> EXERCISE:
Report each line below that carries the word "move".

[Stored dataset items]
+ + + + +

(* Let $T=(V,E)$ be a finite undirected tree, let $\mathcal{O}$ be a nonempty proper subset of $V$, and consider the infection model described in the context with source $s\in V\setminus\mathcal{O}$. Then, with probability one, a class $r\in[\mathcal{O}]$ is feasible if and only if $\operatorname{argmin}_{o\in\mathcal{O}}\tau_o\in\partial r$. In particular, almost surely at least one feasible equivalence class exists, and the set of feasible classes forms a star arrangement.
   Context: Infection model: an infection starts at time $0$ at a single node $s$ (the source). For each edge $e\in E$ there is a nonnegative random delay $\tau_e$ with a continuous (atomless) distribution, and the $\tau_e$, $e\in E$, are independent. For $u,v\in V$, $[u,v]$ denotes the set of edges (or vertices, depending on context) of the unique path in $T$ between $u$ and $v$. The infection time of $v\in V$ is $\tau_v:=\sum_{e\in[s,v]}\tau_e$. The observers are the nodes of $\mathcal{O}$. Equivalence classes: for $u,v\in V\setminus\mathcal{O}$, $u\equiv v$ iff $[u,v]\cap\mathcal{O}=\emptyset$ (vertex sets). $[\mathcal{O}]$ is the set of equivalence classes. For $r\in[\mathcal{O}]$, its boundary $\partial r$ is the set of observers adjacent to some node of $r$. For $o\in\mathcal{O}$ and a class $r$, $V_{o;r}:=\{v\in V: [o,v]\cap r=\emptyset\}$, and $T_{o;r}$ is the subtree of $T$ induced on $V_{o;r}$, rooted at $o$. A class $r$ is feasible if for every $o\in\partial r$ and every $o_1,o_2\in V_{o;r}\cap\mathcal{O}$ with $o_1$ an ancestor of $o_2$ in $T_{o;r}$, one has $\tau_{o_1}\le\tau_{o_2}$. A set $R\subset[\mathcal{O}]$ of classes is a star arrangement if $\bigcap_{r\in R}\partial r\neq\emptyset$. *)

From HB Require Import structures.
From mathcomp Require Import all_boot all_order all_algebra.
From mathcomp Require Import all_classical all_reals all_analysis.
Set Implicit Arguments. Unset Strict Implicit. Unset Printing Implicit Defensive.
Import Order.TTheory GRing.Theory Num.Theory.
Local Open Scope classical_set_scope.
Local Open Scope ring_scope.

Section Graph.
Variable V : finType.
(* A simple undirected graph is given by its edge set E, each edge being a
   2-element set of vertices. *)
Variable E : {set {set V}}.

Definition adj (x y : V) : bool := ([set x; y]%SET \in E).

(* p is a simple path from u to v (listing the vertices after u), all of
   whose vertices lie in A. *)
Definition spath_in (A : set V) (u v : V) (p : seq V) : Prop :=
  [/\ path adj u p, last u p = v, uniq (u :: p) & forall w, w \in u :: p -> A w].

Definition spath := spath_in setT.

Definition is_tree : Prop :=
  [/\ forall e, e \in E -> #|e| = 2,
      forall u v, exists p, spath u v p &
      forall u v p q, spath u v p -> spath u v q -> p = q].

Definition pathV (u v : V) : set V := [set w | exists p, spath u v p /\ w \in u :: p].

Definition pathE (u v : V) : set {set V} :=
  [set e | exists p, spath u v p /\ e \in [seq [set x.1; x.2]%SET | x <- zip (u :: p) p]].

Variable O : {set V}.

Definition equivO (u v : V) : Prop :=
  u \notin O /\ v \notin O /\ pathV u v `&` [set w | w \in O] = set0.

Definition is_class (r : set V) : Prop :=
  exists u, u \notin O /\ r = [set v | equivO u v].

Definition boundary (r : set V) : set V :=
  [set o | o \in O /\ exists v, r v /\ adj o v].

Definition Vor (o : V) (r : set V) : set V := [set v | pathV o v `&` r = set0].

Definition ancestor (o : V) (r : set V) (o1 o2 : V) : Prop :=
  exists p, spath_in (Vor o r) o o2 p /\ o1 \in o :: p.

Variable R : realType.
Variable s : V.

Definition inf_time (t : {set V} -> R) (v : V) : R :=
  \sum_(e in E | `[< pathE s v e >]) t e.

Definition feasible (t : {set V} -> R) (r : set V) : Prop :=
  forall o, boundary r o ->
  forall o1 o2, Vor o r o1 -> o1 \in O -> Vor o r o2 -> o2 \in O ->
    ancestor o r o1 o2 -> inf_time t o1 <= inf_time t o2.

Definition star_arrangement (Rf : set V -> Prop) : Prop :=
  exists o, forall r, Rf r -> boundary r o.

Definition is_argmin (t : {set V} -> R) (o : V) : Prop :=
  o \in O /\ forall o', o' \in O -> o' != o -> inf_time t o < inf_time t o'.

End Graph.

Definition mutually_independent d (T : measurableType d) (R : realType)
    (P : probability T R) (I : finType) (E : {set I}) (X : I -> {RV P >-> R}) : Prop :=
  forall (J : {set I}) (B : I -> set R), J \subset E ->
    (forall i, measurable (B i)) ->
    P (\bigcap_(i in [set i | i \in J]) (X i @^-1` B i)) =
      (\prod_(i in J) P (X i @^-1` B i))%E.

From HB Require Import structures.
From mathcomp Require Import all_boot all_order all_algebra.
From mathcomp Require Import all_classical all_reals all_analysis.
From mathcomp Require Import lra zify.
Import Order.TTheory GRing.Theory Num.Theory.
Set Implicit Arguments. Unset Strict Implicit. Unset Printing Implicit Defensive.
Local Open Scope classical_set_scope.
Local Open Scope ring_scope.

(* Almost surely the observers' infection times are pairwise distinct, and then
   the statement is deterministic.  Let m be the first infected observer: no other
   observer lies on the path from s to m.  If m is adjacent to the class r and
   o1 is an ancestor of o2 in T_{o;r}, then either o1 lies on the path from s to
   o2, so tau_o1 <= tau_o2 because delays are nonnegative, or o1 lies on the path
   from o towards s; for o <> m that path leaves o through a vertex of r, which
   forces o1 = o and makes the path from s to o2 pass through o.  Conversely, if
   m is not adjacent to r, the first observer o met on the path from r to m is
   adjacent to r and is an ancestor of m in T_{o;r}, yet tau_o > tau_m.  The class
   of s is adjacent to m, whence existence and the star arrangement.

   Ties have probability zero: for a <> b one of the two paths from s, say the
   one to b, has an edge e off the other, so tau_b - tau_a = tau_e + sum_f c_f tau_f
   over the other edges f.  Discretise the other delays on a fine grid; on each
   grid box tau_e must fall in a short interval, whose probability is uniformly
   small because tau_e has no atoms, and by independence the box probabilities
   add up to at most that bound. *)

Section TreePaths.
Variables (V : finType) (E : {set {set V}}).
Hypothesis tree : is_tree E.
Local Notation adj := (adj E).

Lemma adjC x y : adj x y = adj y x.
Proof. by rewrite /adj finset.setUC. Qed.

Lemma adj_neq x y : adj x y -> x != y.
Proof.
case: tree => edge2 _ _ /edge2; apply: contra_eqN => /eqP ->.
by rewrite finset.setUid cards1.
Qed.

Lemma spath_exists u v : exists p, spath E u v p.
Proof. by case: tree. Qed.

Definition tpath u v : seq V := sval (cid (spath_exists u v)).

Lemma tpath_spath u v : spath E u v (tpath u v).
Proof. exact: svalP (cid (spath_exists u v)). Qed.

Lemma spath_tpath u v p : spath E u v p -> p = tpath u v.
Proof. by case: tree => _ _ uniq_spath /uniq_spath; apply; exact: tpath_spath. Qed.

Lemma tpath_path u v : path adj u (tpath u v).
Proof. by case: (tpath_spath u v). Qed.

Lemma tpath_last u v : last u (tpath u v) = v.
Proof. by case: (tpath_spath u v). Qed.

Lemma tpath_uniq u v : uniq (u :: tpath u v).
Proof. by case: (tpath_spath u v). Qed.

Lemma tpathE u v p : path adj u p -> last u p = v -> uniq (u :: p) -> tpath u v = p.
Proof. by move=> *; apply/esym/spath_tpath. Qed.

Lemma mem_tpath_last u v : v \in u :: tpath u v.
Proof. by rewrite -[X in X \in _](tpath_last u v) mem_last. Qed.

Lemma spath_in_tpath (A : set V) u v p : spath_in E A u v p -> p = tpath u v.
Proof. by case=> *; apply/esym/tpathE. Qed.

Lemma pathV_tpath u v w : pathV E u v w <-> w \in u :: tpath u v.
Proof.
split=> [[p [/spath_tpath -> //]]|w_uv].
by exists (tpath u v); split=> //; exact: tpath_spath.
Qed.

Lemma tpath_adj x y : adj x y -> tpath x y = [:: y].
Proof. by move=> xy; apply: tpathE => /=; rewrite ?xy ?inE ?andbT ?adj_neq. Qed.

+ + + + +

> OUTPUT BELOW:
Proof. by move=> *; apply/esym/spath_tpath. Qed.
Proof. by move=> xy; apply: tpathE => /=; rewrite ?xy ?inE ?andbT ?adj_neq. Qed.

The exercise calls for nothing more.